Masks, virtual learning dominate open forum at board meeting (WITH VIDEO)


Anjali Vishwanath

Coppell ISD parents and residents gather in the Vonita White Administration Building in anticipation of the open forum on masking, virtual learning and COVID-19 protocols. The open forum for Monday’s Board of Trustees meeting consisted of nearly 50 open comments on these topics from CISD parents and residents.

Anjali Vishwanath, Daily News/Assignment Editor

Monday’s Coppell ISD Board of Trustees meeting drew a great deal of community interest as around 50 CISD residents attended to present their opinions on masking in schools and virtual learning in the open forum. Around 50 people spoke or submitted comments for the open forum, forcing the board to limit presentations to two minutes from three.

Ninety minutes, as opposed to the usual 30, were spent on the open forum last night as CISD residents shared personal stories relating to their opinions on masking and virtual learning.

Supporters of both mask requirements and mask choice were both well represented during the open forum. 

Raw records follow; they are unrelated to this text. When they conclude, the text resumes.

Lemma conv_not_wd_le pZ pY k0 : subprob pZ -> subprob pY -> (forall k, 0 < pZ k) ->
  0 < pY k0 -> ~ wd_le (conv pZ pY) pY.
Proof.
  intros HZ HY Zpos Hk0 Hwd.
  destruct (levy_conc_finite pY (/ 2) HY) as [M [EM HM]].
  assert (atom_le : forall k, pY k <= M).
  { intros k. eapply Rle_trans; [apply (pmf_le_prob_interval _ k (/ 2)); [apply HY|lra]|].
    apply HM. }
  assert (Mpos : 0 < M) by (specialize (atom_le k0); lra).
  (* The mass [pZ (S k)] is missing from the weights of the atom [k] of the convolution. *)
  assert (conv_atom_lt : forall k, conv pZ pY k < M).
  { intros k. apply Rle_lt_trans with (fsum (fun j => M * pZ j) (S k)).
    - apply fsum_le. intros j _. rewrite Rmult_comm.
      apply Rmult_le_compat_r; [apply (proj1 HZ)|apply atom_le].
    - rewrite fsum_scal. assert (Hmass := proj2 HZ (S (S k))). simpl in Hmass |- *.
      specialize (Zpos (S k)).
      assert (M * (fsum pZ k + pZ k) <= M * (1 - pZ (S k))) by (apply Rmult_le_compat_l; lra).
      nra. }
  destruct (null_seq_sup_lt _ M Mpos conv_atom_lt (subprob_lim0 _ (conv_subprob _ _ HZ HY)))
    as [c [cM Hc]].
  assert (c0 : 0 <= c) by (eapply Rle_trans; [apply conv_nonneg; [apply HZ|apply HY]|apply (Hc 0%nat)]).
  assert (U : Rbar_le (levy_conc (conv pZ pY) (/ 2)) c).
  { apply levy_conc_le. intros x0.
    apply prob_interval_half_le; auto. apply conv_nonneg; [apply HZ|apply HY]. }
  specialize (Hwd (/ 2) ltac:(lra)). rewrite EM in Hwd.
  assert (T := Rbar_le_trans _ _ _ Hwd U). simpl in T. lra.
Qed.

Section ConvolutionSemigroup.

Variable P : R -> nat -> R.
Hypothesis P_subprob : forall a, 0 < a -> subprob (P a).
Hypothesis P_pos : forall a k, 0 < a -> 0 < P a k.
Hypothesis P_conv : forall a b k, 0 < a -> 0 < b -> P (a + b) k = conv (P a) (P b) k.

Lemma conv_semigroup_wd_le_iff a b : 0 < a -> 0 < b -> wd_le (P a) (P b) <-> a <= b.
Proof.
  assert (split_larger : forall a b, 0 < a -> a < b -> P b = conv (P (b - a)) (P a)).
  { intros a' b' Ha' Hab. apply functional_extensionality. intros k.
    rewrite <- P_conv by lra. f_equal; ring. }
  intros Ha Hb. split.
  - intros H. destruct (Rle_or_lt a b) as [|Hlt]; auto. exfalso.
    rewrite (split_larger b a) in H by auto.
    revert H. apply (conv_not_wd_le _ _ 0);
      [apply P_subprob; lra|apply P_subprob; lra|intros; apply P_pos; lra|apply P_pos; lra].
  - intros [Hlt|<-]; [|apply wd_le_refl].
    rewrite (split_larger a b) by auto. apply wd_le_conv; apply P_subprob; lra.
Qed.

End ConvolutionSemigroup.

(** * Poisson laws *)

Lemma poisson_pos l k : 0 < l -> 0 < poisson_pmf l k.
Proof.
  intros H. unfold poisson_pmf. apply Rdiv_lt_0_compat; [|apply INR_fact_lt_0].
  apply Rmult_lt_0_compat; [apply exp_pos|apply pow_lt; auto].
Qed.

Lemma poisson_subprob l : 0 < l -> subprob (poisson_pmf l).
Proof.
  intros H. split; [intros k; left; apply poisson_pos; auto|].
  intros [|n]; [simpl; lra|].
  assert (E : is_lim_seq (sum_n (fun k => scal (pow_n l k) (/ INR (Factorial.fact k)))) (exp l))
    by exact (is_exp_Reals l).
  assert (Hpartial : sum_n (fun k => scal (pow_n l k) (/ INR (Factorial.fact k))) n <= exp l).
  { apply (is_lim_seq_incr_compare _ _ E). intros m. rewrite sum_Sn.
    assert (next_ge0 : 0 <= scal (pow_n l (S m)) (/ INR (Factorial.fact (S m)))).
    { rewrite pow_n_pow. apply Rmult_le_pos; [left; apply pow_lt; auto|].
      left; apply Rinv_0_lt_compat, INR_fact_lt_0. }
    change (plus ?a ?b) with (a + b). lra. }
  rewrite sum_n_fsum in Hpartial.
  rewrite (fsum_ext _ (fun k => exp (- l) * scal (pow_n l k) (/ INR (Factorial.fact k)))).
  - rewrite fsum_scal.
    apply Rmult_le_compat_l with (r := exp (- l)) in Hpartial; [|left; apply exp_pos].
    rewrite <- exp_plus in Hpartial. replace (- l + l) with 0 in Hpartial by ring.
    rewrite exp_0 in Hpartial. exact Hpartial.
  - intros k _. unfold poisson_pmf. rewrite <- pow_n_pow. unfold Rdiv. apply Rmult_assoc.
Qed.

Lemma poisson_conv a b k : poisson_pmf (a + b) k = conv (poisson_pmf a) (poisson_pmf b) k.
Proof.
  unfold conv, poisson_pmf. rewrite binomial, sum_f_R0_fsum.
  unfold Rdiv. rewrite (Rmult_comm _ (/ INR _)), <- Rmult_assoc, <- fsum_scal.
  apply fsum_ext. intros j Hj. unfold Binomial.C.
  replace (- (a + b)) with (- a + - b) by ring. rewrite exp_plus.
  assert (F1 := INR_fact_neq_0 k). assert (F2 := INR_fact_neq_0 j).
  assert (F3 := INR_fact_neq_0 (k - j)).
  field. auto.
Qed.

The board did not discuss any changes to the district’s current optional mask policy on Monday. Instead it took the open forum as an opportunity to receive the community’s perspectives on these issues as court cases unfold.

Coppell ISD director of communications Amanda Simpson reads digitally submitted open forum comments on the mask mandate, COVID-19 protocols and virtual learning. The open forum for Monday’s Board of Trustees meeting consisted of nearly 50 open forum comments on these topics from CISD parents and residents. (Anjali Vishwanath)

Superintendent Dr. Brad Hunt, in his superintendent’s report, discussed last week’s in-person reopening of CISD schools and Monday’s opening of virtual school for grades pre-K through 6. In response to questions raised about 10-day quarantines due to COVID-19, Dr. Hunt said that while he hoped for a virtual conferencing option for these learners, it is not currently available due to a lack of resources at a state and federal level. Hunt also said there might be concerns regarding teachers having to once again teach both virtual and in-person lessons simultaneously, which was a struggle last year.

The 10-day quarantines are put in place after a student is notified of exposure to COVID-19 via the new contact tracing system, which was inspired by the guidelines of the Centers for Disease Control and Prevention, Texas Education Agency and the Dallas County Health Department. In the new system, which rolls out Tuesday, alerts students to exposures in their general area.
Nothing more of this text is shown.